● Required action
State how many lines of the entries hold the string "hprod", and nothing more.

● Data under study
────────

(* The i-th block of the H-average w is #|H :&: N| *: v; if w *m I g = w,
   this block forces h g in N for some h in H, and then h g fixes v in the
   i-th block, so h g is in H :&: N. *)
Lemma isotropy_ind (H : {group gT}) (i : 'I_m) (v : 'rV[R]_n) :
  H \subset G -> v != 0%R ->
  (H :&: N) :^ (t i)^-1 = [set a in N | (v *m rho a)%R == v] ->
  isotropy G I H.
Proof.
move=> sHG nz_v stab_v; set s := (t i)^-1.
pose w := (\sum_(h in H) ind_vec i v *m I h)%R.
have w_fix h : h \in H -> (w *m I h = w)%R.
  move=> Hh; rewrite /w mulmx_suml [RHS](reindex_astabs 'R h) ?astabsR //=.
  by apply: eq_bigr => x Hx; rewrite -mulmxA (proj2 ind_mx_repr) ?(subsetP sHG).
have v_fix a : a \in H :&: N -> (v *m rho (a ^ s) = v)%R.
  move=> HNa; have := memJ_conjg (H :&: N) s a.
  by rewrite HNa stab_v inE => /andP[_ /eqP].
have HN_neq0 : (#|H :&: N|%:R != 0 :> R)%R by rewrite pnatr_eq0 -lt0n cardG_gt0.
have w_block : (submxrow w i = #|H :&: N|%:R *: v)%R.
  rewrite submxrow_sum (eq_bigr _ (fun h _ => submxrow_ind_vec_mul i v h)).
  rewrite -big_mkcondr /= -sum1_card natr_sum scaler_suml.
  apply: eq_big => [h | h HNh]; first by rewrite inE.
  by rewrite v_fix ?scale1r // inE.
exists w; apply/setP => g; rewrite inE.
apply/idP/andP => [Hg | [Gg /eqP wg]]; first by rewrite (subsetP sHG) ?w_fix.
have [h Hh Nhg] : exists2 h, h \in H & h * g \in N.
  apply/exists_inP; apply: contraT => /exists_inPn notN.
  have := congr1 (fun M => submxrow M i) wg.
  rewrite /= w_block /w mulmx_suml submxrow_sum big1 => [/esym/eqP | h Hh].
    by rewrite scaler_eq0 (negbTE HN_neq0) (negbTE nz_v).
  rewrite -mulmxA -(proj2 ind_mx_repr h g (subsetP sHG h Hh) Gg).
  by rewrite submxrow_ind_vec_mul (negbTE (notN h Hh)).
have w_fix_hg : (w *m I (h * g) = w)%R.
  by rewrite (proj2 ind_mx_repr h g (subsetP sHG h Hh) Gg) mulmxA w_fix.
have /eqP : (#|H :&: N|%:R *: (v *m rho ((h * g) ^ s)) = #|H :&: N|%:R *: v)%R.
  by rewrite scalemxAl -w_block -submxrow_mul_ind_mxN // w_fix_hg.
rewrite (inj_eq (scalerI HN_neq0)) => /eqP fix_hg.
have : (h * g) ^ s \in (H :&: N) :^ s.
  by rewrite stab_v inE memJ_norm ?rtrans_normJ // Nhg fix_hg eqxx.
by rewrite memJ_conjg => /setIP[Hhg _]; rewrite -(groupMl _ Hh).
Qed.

────────

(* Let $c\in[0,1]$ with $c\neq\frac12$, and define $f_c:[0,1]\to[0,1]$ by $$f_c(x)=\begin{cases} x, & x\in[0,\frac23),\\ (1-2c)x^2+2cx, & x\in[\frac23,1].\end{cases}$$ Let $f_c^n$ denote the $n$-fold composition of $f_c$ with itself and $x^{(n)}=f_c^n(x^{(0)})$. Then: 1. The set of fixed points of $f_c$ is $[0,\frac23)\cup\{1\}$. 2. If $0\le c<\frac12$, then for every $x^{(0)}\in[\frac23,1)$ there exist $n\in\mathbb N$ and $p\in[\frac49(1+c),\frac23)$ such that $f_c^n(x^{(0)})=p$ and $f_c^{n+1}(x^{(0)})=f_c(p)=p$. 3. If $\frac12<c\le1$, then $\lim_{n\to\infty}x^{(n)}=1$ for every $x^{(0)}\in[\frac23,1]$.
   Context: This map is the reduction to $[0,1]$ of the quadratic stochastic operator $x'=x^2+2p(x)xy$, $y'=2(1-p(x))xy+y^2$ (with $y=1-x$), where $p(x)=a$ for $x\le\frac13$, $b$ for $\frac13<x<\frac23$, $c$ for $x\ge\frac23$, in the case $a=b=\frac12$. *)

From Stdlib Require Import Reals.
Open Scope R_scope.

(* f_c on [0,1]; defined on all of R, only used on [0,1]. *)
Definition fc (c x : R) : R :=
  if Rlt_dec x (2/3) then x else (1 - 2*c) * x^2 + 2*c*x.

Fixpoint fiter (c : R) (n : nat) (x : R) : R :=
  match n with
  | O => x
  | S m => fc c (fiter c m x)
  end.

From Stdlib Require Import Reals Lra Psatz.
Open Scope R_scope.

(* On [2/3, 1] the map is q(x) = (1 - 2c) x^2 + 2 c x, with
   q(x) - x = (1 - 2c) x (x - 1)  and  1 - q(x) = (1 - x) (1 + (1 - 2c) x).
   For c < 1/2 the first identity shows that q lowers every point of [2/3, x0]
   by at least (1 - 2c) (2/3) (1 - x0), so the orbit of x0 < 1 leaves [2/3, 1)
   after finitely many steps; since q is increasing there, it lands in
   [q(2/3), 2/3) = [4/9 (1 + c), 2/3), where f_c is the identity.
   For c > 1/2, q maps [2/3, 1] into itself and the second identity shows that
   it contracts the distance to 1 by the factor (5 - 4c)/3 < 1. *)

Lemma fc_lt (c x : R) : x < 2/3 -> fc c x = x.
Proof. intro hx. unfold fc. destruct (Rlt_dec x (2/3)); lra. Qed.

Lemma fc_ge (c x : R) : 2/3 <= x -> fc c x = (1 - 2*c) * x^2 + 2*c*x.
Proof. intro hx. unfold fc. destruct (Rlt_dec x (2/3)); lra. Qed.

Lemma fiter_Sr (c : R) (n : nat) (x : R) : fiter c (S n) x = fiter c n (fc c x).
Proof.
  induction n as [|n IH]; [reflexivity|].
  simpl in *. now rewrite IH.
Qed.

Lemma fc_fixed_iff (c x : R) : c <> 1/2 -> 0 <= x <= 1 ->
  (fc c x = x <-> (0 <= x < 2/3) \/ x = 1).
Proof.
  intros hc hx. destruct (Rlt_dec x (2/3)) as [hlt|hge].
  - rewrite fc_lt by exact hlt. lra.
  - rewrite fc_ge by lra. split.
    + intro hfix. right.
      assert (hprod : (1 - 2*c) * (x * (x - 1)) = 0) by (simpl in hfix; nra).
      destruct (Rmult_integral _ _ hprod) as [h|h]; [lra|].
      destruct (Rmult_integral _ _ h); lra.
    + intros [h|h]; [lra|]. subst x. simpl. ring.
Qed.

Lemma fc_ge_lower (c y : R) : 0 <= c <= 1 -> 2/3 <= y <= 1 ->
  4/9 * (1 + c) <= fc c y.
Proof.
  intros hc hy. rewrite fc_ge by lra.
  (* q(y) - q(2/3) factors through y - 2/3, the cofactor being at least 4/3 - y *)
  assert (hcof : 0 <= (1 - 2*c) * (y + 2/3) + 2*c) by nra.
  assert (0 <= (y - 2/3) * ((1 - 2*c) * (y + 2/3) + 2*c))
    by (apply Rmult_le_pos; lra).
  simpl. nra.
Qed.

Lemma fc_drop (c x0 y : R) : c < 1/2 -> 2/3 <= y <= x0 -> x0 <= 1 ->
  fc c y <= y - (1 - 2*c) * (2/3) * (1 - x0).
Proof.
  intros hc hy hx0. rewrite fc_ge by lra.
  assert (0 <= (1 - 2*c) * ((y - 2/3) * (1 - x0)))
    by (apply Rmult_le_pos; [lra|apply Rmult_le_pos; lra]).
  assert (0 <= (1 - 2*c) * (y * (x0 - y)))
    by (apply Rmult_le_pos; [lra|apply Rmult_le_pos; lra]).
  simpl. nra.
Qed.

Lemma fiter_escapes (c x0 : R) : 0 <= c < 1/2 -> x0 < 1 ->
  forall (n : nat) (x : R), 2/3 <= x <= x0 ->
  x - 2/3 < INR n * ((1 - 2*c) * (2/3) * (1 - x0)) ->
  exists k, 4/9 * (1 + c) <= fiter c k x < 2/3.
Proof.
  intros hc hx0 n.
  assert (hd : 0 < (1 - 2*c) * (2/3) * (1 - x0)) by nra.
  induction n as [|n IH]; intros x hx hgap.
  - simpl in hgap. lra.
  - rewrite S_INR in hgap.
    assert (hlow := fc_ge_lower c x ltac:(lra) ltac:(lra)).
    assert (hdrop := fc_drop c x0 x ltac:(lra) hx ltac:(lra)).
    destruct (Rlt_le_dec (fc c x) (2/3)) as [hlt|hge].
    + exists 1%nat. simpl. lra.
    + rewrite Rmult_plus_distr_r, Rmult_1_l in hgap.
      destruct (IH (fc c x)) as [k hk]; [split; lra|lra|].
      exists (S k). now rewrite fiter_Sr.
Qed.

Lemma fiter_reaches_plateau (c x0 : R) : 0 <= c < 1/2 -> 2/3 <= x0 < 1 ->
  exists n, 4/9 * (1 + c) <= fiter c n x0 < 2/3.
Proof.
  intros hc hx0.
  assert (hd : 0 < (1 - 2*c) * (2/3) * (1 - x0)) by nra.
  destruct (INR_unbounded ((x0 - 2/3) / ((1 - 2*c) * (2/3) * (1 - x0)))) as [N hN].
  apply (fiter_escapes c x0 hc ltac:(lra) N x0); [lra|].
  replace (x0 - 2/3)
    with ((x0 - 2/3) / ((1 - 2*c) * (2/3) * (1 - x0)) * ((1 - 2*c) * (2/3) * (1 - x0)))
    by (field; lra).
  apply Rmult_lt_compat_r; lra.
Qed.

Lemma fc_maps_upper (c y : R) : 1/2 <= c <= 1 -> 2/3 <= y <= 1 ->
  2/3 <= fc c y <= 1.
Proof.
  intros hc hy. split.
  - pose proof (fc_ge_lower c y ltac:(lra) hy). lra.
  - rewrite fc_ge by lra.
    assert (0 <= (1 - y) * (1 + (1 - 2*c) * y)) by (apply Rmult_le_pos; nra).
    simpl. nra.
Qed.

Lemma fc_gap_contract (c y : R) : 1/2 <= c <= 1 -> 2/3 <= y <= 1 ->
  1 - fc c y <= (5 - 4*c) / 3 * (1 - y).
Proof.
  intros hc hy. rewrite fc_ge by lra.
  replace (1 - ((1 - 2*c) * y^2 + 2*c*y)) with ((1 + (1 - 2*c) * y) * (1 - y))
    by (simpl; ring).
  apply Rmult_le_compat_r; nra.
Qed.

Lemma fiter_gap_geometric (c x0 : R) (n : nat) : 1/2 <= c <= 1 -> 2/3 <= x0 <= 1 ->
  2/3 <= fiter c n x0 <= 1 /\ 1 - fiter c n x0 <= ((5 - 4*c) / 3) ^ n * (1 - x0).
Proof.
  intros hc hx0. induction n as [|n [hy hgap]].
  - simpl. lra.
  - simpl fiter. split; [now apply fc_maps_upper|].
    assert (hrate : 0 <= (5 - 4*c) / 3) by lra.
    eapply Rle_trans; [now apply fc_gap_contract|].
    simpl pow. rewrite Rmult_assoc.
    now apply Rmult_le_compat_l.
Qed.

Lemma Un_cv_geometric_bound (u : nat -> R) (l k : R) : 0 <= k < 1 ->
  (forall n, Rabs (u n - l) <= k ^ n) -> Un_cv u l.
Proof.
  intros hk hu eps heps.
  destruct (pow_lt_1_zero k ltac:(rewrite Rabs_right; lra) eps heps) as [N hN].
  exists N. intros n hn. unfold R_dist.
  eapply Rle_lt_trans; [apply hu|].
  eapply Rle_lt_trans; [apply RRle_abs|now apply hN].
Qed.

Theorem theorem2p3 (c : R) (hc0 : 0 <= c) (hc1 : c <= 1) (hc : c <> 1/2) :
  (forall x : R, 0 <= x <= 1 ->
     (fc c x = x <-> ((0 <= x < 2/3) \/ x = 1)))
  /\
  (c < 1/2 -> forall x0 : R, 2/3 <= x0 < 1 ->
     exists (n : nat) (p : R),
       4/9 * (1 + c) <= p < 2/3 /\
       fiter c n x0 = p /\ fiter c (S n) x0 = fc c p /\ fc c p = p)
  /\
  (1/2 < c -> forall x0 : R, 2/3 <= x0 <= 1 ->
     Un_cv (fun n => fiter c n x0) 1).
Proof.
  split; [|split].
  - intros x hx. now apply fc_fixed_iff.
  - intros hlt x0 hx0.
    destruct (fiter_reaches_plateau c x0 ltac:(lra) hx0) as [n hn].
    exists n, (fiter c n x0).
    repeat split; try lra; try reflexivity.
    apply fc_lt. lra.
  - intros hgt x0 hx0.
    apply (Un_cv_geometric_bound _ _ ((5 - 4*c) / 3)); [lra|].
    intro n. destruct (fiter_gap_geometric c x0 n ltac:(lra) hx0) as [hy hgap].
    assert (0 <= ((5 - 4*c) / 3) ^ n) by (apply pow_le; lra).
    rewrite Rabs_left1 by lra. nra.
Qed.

────────

● Written solution
2